Thursday, 6 October 2016

Characters and Dialogue with Steve Coombes




Monday 3rd October 2016

Today we learned about characters and dialogue from writer Steve Coombes. Starting with dialogue we were told about 'gold watch dialogue'- this means that the dialogue is really good but for a play and not a film or television.

Dialogue:

When writing scripts you can have good dialogue but it doesn't necessarily mean it should be in your script. We had some tips for scriptwriting which were:

  • Dialogue is the least important part of the screenplay
  • If it doesn't further the plot then it doesn't ned to be there
  • Don't be too formal with dialogue
  • Talk how the characters would talk
  • Don't have both characters speaking at the same time
  • Don't be too artistic
  • How polite are they?
  • Don't use the character names too much.
  • Read the dialogue out loud
  • If it isn't speakable then it isn't dialogue
  • Don't be too dramatic
  • Make it sound like humans are talking
  • Real life dialogue is too boring - make it sound like real dialogue than writing it
  • Don't do long speeches/3 sentences than break
  • Not everything has to be dialogue
  • Subtext
  • Be aware of accents/put in little touches and put in the script which nationality i.e German
  • Don't give too much information
  • Most important - the denial in dialogue
  • Think about most extreme work your characters use and it will take you to other words your characters will use.
  • Don't make the characters a mouthpiece for what your script is about
Character:
  • You should know the characters in your script as well as you know your own friends. They are like your imaginary friend and all their vulnerabilities should be known to you.
  • Write dialogue until you know the character
  • Good characters are flawed people who fall short of their own expectations, they normally look up to the world than down and minor characters usually look up.
  • A character can have tells and it is normally best to do this early on and visually.
  • Melodrama - all characters are wrong
  • In good drama- all characters are right
  • Need to decided whether characters know their flaws.
  • A front story is better than a backstory.
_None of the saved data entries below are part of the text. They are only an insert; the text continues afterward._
Lemma det4E (A : 'M[R]_4) : \det A = minor4 (ent A).
Proof. by rewrite {1}[A]mx_ent det_mx44. Qed.

Definition principal_minors2 f :=
  minor2 f 0 1 0 1 + minor2 f 0 2 0 2 + minor2 f 0 3 0 3
  + minor2 f 1 2 1 2 + minor2 f 1 3 1 3 + minor2 f 2 3 2 3.

Definition principal_minors3 f :=
  minor3 f 1 2 3 1 2 3 + minor3 f 0 2 3 0 2 3
  + minor3 f 0 1 3 0 1 3 + minor3 f 0 1 2 0 1 2.

Lemma mxtrace4E (A : 'M[R]_4) : \tr A = ent A 0 0 + ent A 1 1 + ent A 2 2 + ent A 3 3.
Proof. by rewrite {1}[A]mx_ent /mxtrace !big_ord_recl big_ord0 !mxE /= addr0 !addrA. Qed.

Lemma mxtrace_adj4 (A : 'M[R]_4) : \tr (\adj A) = principal_minors3 (ent A).
Proof.
rewrite {1}[A]mx_ent /mxtrace !big_ord_recl big_ord0 !mxE !cofactor_mx !det_mx33 /=.
by rewrite /submx_fun /principal_minors3 /minor3 /minor2 /=; ring.
Qed.

End SmallDeterminants.

Lemma char_poly4 (R : comNzRingType) (A : 'M[R]_4) : char_poly A =
  Poly [:: \det A; - \tr (\adj A); principal_minors2 (ent A); - \tr A; 1].
Proof.
rewrite /char_poly; pose f i j := 'X *+ (i == j)%N - (ent A i j)%:P.
have -> : char_poly_mx A = \matrix_(i, j) f i j.
  by apply/matrixP => i j; rewrite !mxE /f /ent !inord_val.
rewrite det_mx44 mxtrace_adj4 mxtrace4E det4E.
rewrite /f /minor4 /principal_minors3 /principal_minors2 /minor3 /minor2 /=.
rewrite !cons_poly_def mul0r add0r; ring.
Qed.

Section Symplectic.
Variable F : fieldType.
Implicit Types g : 'M[F]_4.

Lemma symJ_sqr : symJ F *m symJ F = - 1%:M.
Proof.
apply/matrixP => -[[|[|[|[|//]]]] ?] -[[|[|[|[|//]]]] ?];
by rewrite !mxE !big_ord_recl big_ord0 !mxE /=; ring.
Qed.

Lemma symplectic_form_ent g k l : (k < 4)%N -> (l < 4)%N ->
  ent (g^T *m symJ F *m g) k l =
  ent g 0 k * ent g 2 l + ent g 1 k * ent g 3 l
  - ent g 2 k * ent g 0 l - ent g 3 k * ent g 1 l.
Proof.
move=> ltk4 ltl4; rewrite {1}/ent [g in LHS]mx_ent.
by rewrite !(mxE, big_ord_recl, big_ord0) /= !inordK // /bump /=; ring.
Qed.

Definition pfaffian4 (f : nat -> nat -> F) :=
  f 0%N 1%N * f 2%N 3%N - f 0%N 2%N * f 1%N 3%N + f 0%N 3%N * f 1%N 2%N.

(* Pf(g^T J g) = det g * Pf(J), and Pf(J) = -1. *)
Lemma pfaffian4_symplectic_form g : pfaffian4 (ent (g^T *m symJ F *m g)) = - \det g.
Proof. by rewrite /pfaffian4 !symplectic_form_ent // det4E /minor4 /minor3 /minor2; ring. Qed.

Lemma symplectic_det g : symplectic g -> \det g = 1.
Proof.
move=> sg; apply: oppr_inj; rewrite -pfaffian4_symplectic_form sg /pfaffian4 /ent !mxE.
by rewrite !inordK //=; ring.
Qed.

(* Since det g = 1, adj g = g^-1 = -J g^T J, whose trace is tr g^T. *)
Lemma symplectic_tr_adj g : symplectic g -> \tr (\adj g) = \tr g.
Proof.
move=> sg; pose h := - (symJ F *m g^T *m symJ F).
have hg : h *m g = 1%:M.
  by rewrite /h mulNmx -!mulmxA (mulmxA g^T) sg symJ_sqr opprK.
have -> : \adj g = h.
  by rewrite -[\adj g]mulmx1 -(mulmx1C hg) mulmxA mul_adj_mx symplectic_det // mul1mx.
rewrite /h linearN /= -mulmxA mxtrace_mulC -mulmxA symJ_sqr mulmxN mulmx1 linearN opprK.
exact: mxtrace_tr.
Qed.

Lemma symplectic_char_poly g : symplectic g ->
  char_poly g = Poly [:: 1; - chi 3 g; chi 2 g; - chi 3 g; 1].
Proof.
move=> sg; rewrite /chi char_poly4 symplectic_det // symplectic_tr_adj // !coef_Poly /=.
by congr (cons_poly _ (cons_poly _ (cons_poly _ (cons_poly _ _)))); ring.
Qed.

End Symplectic.

Lemma monic_irreducible_factor (K : fieldType) (p : {poly K}) : (1 < size p)%N ->
  exists2 h : {poly K}, monic_irreducible_poly h & h %| p.
Proof.
(* Irreducibility is not decidable over an arbitrary field, hence the classical case split. *)
elim: {p}(size p) {-2}p (leqnn (size p)) => [|n IHn] p le_p_n gt1_p.
  by move: (leq_trans gt1_p le_p_n).
have nz_p : p != 0 by rewrite -size_poly_gt0 (ltn_trans _ gt1_p).
have [irr_p | red_p] := classic (irreducible_poly p).
  have lc_p : lead_coef p != 0 by rewrite lead_coef_eq0.
  exists ((lead_coef p)^-1 *: p); last by rewrite dvdpZl ?invr_eq0.
  split; last by rewrite monicE lead_coefZ mulVf.
  split; first by rewrite size_scale ?invr_eq0.
  move=> q q_neq1; rewrite dvdpZr ?invr_eq0 // => /(apply_irredp irr_p q_neq1) eq_qp.
  by rewrite (eqp_trans eq_qp) // eqp_sym eqp_scale ?invr_eq0.
have [q [q_neq1 dvd_qp not_eq_qp]] :
    exists q : {poly K}, [/\ size q != 1%N, q %| p & ~~ (q %= p)].
  apply: NNPP => no_q; apply: red_p; split => // q q_neq1 dvd_qp.
  by apply: NNPP => not_eq_qp; apply: no_q; exists q; split => //; apply/negP.
have nz_q : q != 0 by apply: contraNneq nz_p => q0; rewrite q0 dvd0p in dvd_qp.
have lt_qp : (size q < size p)%N by rewrite ltn_neqAle dvdp_leq // andbT dvdp_size_eqp.
have gt1_q : (1 < size q)%N by rewrite ltn_neqAle eq_sym q_neq1 size_poly_gt0.
have [h irr_h dvd_hq] := IHn q (leq_trans lt_qp le_p_n) gt1_q.
by exists h; last exact: dvdp_trans dvd_qp.
Qed.

Lemma root_in_extension (K : fieldType) (p : {poly K}) : (1 < size p)%N ->
  exists (L : fieldType) (f : {rmorphism K -> L}) (x : L), root (map_poly f p) x.
Proof.
move=> gt1_p; have [h irr_h /dvdpP[q ->]] := monic_irreducible_factor gt1_p.
pose f : {rmorphism K -> {poly %/ h with irr_h}} := qfpoly_const irr_h.
exists {poly %/ h with irr_h}, f, 'qX; rewrite rmorphM rootM; apply/orP; right.
have := in_qpoly_comp_horner h h 'X; rewrite comp_polyXr /root => <-.
apply/eqP/val_inj; rewrite /= /in_qpoly /= mk_monicE //.
exact: rmodpp (snd irr_h).
Qed.

Lemma quadratic_root_in_extension (K : fieldType) (b a : K) :
  exists (L : fieldType) (f : {rmorphism K -> L}) (x : L), x ^+ 2 - f b * x + f a = 0.
Proof.
have gt1_p : (1 < size (Poly [:: a; - b; 1%R]))%N by rewrite (@PolyK _ 1%R) //= oner_eq0.
have [L [f [x]]] := root_in_extension gt1_p.
rewrite map_Poly /root horner_Poly /= rmorph1 rmorphN => /eqP root_x.
by exists L, f, x; rewrite -root_x; ring.
Qed.

Lemma reciprocal_sum (L : fieldType) (x u : L) :
  x ^+ 2 - u * x + 1 = 0 -> x != 0 /\ x + x^-1 = u.
Proof.
move=> quad_x; have nz_x : x != 0.
  apply/eqP => x0; move: quad_x; rewrite x0 expr0n mulr0 subr0 add0r.
  exact/eqP/oner_neq0.
split=> //; apply: (mulfI nz_x); rewrite mulrDr mulfV // -[RHS]addr0 -quad_x; ring.
Qed.

Lemma palindromic_parametrization (K : fieldType) (t s : K) :
  exists (L : fieldType) (f : {rmorphism K -> L}) (x y : L),
  [/\ x != 0, y != 0, f t = x + x^-1 + y + y^-1 & f s = (x + x^-1) * (y + y^-1) + 2].
Proof.
(* Take u with u^2 - t u + s - 2 = 0, then x + 1/x = u and y + 1/y = t - u. *)
have [L1 [f1 [u quad_u]]] := quadratic_root_in_extension t (s - 2).
have [L2 [f2 [x quad_x]]] := quadratic_root_in_extension u 1.
have [L3 [f3 [y quad_y]]] := quadratic_root_in_extension (f2 (f1 t - u)) 1.
pose f : {rmorphism K -> L3} := f3 \o f2 \o f1.
have [nz_x sum_x] : f3 x != 0 /\ f3 x + (f3 x)^-1 = f3 (f2 u).
  apply: reciprocal_sum.
  by rewrite -(rmorph0 f3) -quad_x rmorphD rmorphB rmorphXn rmorphM !rmorph1.
have [nz_y sum_y] : y != 0 /\ y + y^-1 = f t - f3 (f2 u).
  by apply: reciprocal_sum; rewrite -(rmorph1 f3) -quad_y rmorph1 /f /= !rmorphB.
exists L3, f, (f3 x), y; split => //; first by rewrite -addrA sum_y sum_x; ring.
rewrite sum_x sum_y; apply/eqP; rewrite -subr_eq0; apply/eqP.
have := congr1 (f3 \o f2) quad_u; rewrite /f /= !rmorph0 => <-.
by rewrite !(rmorphD, rmorphB, rmorphXn, rmorphM, rmorph_nat); ring.
Qed.

Lemma root_char_poly_unity (L : fieldType) n (A : 'M[L]_n.+1) c x :
  A ^+ c = 1 -> root (char_poly A) x -> x ^+ c = 1.
Proof.
move=> Ac1; rewrite -eigenvalue_root_char => /eigenvalueP[v vA nz_v].
have vAk k : v *m A ^+ k = x ^+ k *: v.
  elim: k => [|k IHk]; first by rewrite !expr0 mulmx1 scale1r.
  by rewrite !exprSr -mulmxE mulmxA IHk -scalemxAl vA scalerA.
have : (x ^+ c - 1) *: v = 0 by rewrite scalerBl -vAk Ac1 mulmx1 scale1r subrr.
by move/eqP; rewrite scaler_eq0 (negbTE nz_v) orbF subr_eq0 => /eqP.
Qed.

Lemma palindromic_quartic_root (L : fieldType) (x y : L) : x != 0 -> y != 0 ->
  root (Poly [:: 1; - (x + x^-1 + y + y^-1); (x + x^-1) * (y + y^-1) + 2;
                 - (x + x^-1 + y + y^-1); 1]) x.
Proof. by move=> nz_x nz_y; rewrite /root horner_Poly /=; apply/eqP; field; rewrite nz_x nz_y. Qed.

Lemma symplectic_unity_parametrization (F : fieldType) (g : 'M[F]_4) c :
  symplectic g -> g ^+ c = 1 ->
  exists (L : fieldType) (f : {rmorphism F -> L}) (x y : L),
  [/\ x ^+ c = 1, y ^+ c = 1, f (chi 3 g) = x + x^-1 + y + y^-1
    & f (chi 2 g) = (x + x^-1) * (y + y^-1) + 2].
Proof.
move=> sg gc1.
have [L [f [x [y [nz_x nz_y ft fs]]]]] := palindromic_parametrization (chi 3 g) (chi 2 g).
have gfc1 : map_mx f g ^+ c = 1 by rewrite -rmorphXn gc1 rmorph1.
have cpf : char_poly (map_mx f g) =
    Poly [:: 1; - f (chi 3 g); f (chi 2 g); - f (chi 3 g); 1].
  by rewrite -map_char_poly symplectic_char_poly // map_Poly /= rmorph1 !rmorphN.
exists L, f, x, y; split => //.
- by apply: root_char_poly_unity gfc1 _; rewrite cpf ft fs palindromic_quartic_root.
- apply: root_char_poly_unity gfc1 _; rewrite cpf ft fs.
  have -> : x + x^-1 + y + y^-1 = y + y^-1 + x + x^-1 by ring.
  by rewrite mulrC palindromic_quartic_root.
Qed.

Lemma rmorph_rmodp_Xn_sub1 (R S : nzRingType) (phi : {rmorphism {poly R} -> S}) c p :
  (0 < c)%N -> phi 'X ^+ c = 1 -> phi (rmodp p ('X^c - 1)) = phi p.
Proof.
move=> c_gt0 phiXc; have monic_Xc : ('X^c - 1 : {poly R}) \is monic by exact: monicXnsubC.
rewrite {2}(rdivp_eq monic_Xc p) rmorphD rmorphM.
by rewrite rmorphB rmorphXn rmorph1 phiXc subrr mulr0 add0r.
Qed.

Lemma size_rmodp_Xn_sub1 (R : nzRingType) c (p : {poly R}) :
  (0 < c)%N -> (size (rmodp p ('X^c - 1)) <= c)%N.
Proof.
move=> c_gt0; have size_Xc : size ('X^c - 1 : {poly R}) = c.+1 by exact: size_XnsubC.
by rewrite -ltnS -size_Xc ltn_rmodpN0 // -size_poly_gt0 size_Xc.
Qed.
(* Let $\Delta=0$ be a passive orthonomic system as described in the context, and let $\mathfrak{D}_K:\mathcal{B}\to\mathcal{B}$, $\mathfrak{D}_KP=\widetilde{D_KP}$, be the intrinsic multi-differential operators, with $\mathfrak{D}_i=\mathfrak{D}_{e_i}$. Then for every $K\in\mathbb{N}^p$, \[ \mathfrak{D}_K=\mathfrak{D}_1^{K_1}\mathfrak{D}_2^{K_2}\cdots\mathfrak{D}_p^{K_p}. \]
   Context: Jet space: coordinates $x_1,\dots,x_p$, $u^1,\dots,u^q$ and derivatives $u^j_K$, $K\in\mathbb{N}^p$ a multi-index; $e_i$ is the $i$-th unit multi-index. $\mathcal{A}$ is the ring of smooth functions of finitely many coordinates. Total derivatives $D_i=\partial/\partial x_i+\sum_{j,K}u^j_{K+e_i}\,\partial/\partial u^j_K$, $D_K=D_1^{K_1}\cdots D_p^{K_p}$. Choose $n$ pairs $(i^\alpha,J^\alpha)\in\{1,\dots,q\}\times\mathbb{N}^p$, $J^\alpha\neq0$. $u^j_K$ is principal if $(j,K)=(i^\alpha,J^\alpha+L)$ for some $\alpha,L$, otherwise parametric; $\mathcal{B}\subset\mathcal{A}$ consists of functions of the $x_i$ and parametric derivatives only. Fix a ranking $\le$: a total order on $\{1,\dots,q\}\times\mathbb{N}^p$ with $(j,K)\le(j,K+L)$ and $(i,J)\le(j,K)\iff(i,J+L)\le(j,K+L)$. The system is $u^{i^\alpha}_{J^\alpha}=P^\alpha$, $P^\alpha\in\mathcal{B}$, with $\Delta^\alpha=u^{i^\alpha}_{J^\alpha}-P^\alpha$; it is passive orthonomic if (i) $P^\alpha$ depends only on $u^j_K$ with $(j,K)<(i^\alpha,J^\alpha)$, and (ii) $(i^\alpha,J^\alpha+K)=(i^\beta,J^\beta+L)$ implies $D_KP^\alpha=D_LP^\beta$ (modulo the system). Then each $Q\in\mathcal{A}$ has a unique reduced form $\widetilde{Q}\in\mathcal{B}$ with $\widetilde{Q}\equiv Q$ modulo the differential ideal generated by the $\Delta^\alpha$ (obtained by repeatedly substituting $u^{i^\alpha}_{J^\alpha+L}\mapsto D_LP^\alpha$ for the highest principal derivative). *)

From HB Require Import structures.
From mathcomp Require Import all_boot all_order all_algebra.
From mathcomp Require Import boolp classical_sets reals topology normedtype derive.
From Stdlib Require Import ClassicalEpsilon.
Set Implicit Arguments. Unset Strict Implicit. Unset Printing Implicit Defensive.
Import Order.TTheory GRing.Theory Num.Theory.
Import numFieldNormedType.Exports.
Local Open Scope ring_scope.

Notation mi p := {ffun 'I_p -> nat}.
Definition madd p (K L : mi p) : mi p := [ffun j => (K j + L j)%N].
Definition munit p (i : 'I_p) : mi p := [ffun j => nat_of_bool (j == i)].
Definition mzero p : mi p := [ffun => 0%N].

(* jet coordinates: inl i = x_i,  inr (j, K) = u^j_K *)
Notation Var p q := ('I_p + 'I_q * mi p)%type.
Notation jfun R p q := ((Var p q -> R) -> R).

Section Jet.
Variables (R : realType) (p q : nat).

Definition upd (z : Var p q -> R) (v : Var p q) (t : R) : Var p q -> R :=
  fun w => if w == v then t else z w.

Definition pd (v : Var p q) (F : jfun R p q) : jfun R p q :=
  fun z => derive1 (fun t => F (upd z v t)) (z v).
Definition pds (vs : seq (Var p q)) (F : jfun R p q) : jfun R p q := foldr pd F vs.

Definition depends_on (S : seq (Var p q)) (F : jfun R p q) :=
  forall z z' : Var p q -> R, (forall w, w \in S -> z w = z' w) -> F z = F z'.

Definition Cinf (S : seq (Var p q)) (F : jfun R p q) :=
  depends_on S F /\ forall vs : seq (Var p q),
    (forall v (z : Var p q -> R), derivable (fun t => pds vs F (upd z v t)) (z v) 1) /\
    (forall (z : Var p q -> R) (e : R), 0 < e -> exists2 d : R, 0 < d &
       forall z' : Var p q -> R, (forall w, w \in S -> `|z' w - z w| < d) ->
         `|pds vs F z' - pds vs F z| < e).

Definition inA (F : jfun R p q) := exists S, Cinf S F.

(* a finite list of coordinates F depends on (for F in A) *)
Definition supp (F : jfun R p q) : seq (Var p q) :=
  epsilon (inhabits [::]) (fun S => depends_on S F).

Definition tcoef (i : 'I_p) (v : Var p q) (z : Var p q -> R) : R :=
  match v with
  | inl _ => 0
  | inr (j, K) => z (inr (j, madd K (munit i)))
  end.

(* total derivative D_i = d/dx_i + sum u^j_{K+e_i} d/du^j_K *)
Definition Dtot (i : 'I_p) (F : jfun R p q) : jfun R p q :=
  fun z => pd (inl i) F z + \sum_(v <- undup (supp F)) tcoef i v z * pd v F z.

Definition Dmulti (K : mi p) (F : jfun R p q) : jfun R p q :=
  foldr (fun i G => iter (K i) (Dtot i) G) F (enum 'I_p).

Definition is_ranking (rk : 'I_q * mi p -> 'I_q * mi p -> Prop) :=
  (forall a, rk a a) /\
  (forall a b, rk a b -> rk b a -> a = b) /\
  (forall a b c, rk a b -> rk b c -> rk a c) /\
  (forall a b, rk a b \/ rk b a) /\
  (forall j K L, rk (j, K) (j, madd K L)) /\
  (forall a b L, rk a b <-> rk (a.1, madd a.2 L) (b.1, madd b.2 L)).

Section System.
(* the system u^{idx a}_{J a} = P a, a < n *)
Variables (n : nat) (idx : 'I_n -> 'I_q) (J : 'I_n -> mi p) (P : 'I_n -> jfun R p q).

Definition principal (jk : 'I_q * mi p) :=
  exists (a : 'I_n) (L : mi p), jk = (idx a, madd (J a) L).

Definition parametric_var (v : Var p q) :=
  match v with inl _ => True | inr jk => ~ principal jk end.

Definition inB (F : jfun R p q) :=
  exists S, Cinf S F /\ forall w, w \in S -> parametric_var w.

Definition Delta (a : 'I_n) : jfun R p q := fun z => z (inr (idx a, J a)) - P a z.

Definition inI (F : jfun R p q) :=
  exists (m : nat) (c : 'I_m -> jfun R p q) (L : 'I_m -> mi p) (a : 'I_m -> 'I_n),
    (forall k, inA (c k)) /\
    F = fun z => \sum_(k < m) c k z * Dmulti (L k) (Delta (a k)) z.

Definition passive_orthonomic (rk : 'I_q * mi p -> 'I_q * mi p -> Prop) :=
  [/\ is_ranking rk,
      (forall a, J a <> mzero p),
      (forall a, inB (P a)),
      (forall a, exists S, Cinf S (P a) /\ forall w, w \in S ->
         match w with
         | inl _ => True
         | inr jk => rk jk (idx a, J a) /\ jk <> (idx a, J a)
         end) &
      (forall a b K L, (idx a, madd (J a) K) = (idx b, madd (J b) L) ->
         inI (fun z => Dmulti K (P a) z - Dmulti L (P b) z))].

Definition is_reduced (Q Rf : jfun R p q) := inB Rf /\ inI (fun z => Q z - Rf z).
Thinking of my own script I feel I need to know my characters a bit more, I will try some character exercises such as writing 10 truths and 10 lies and answer some questions about them. hopefully this will then give me more of an understanding about who they are. I also will not be using much dialogue in my script and to help me whilst writing this I will look at scripts with little dialogue in for reference.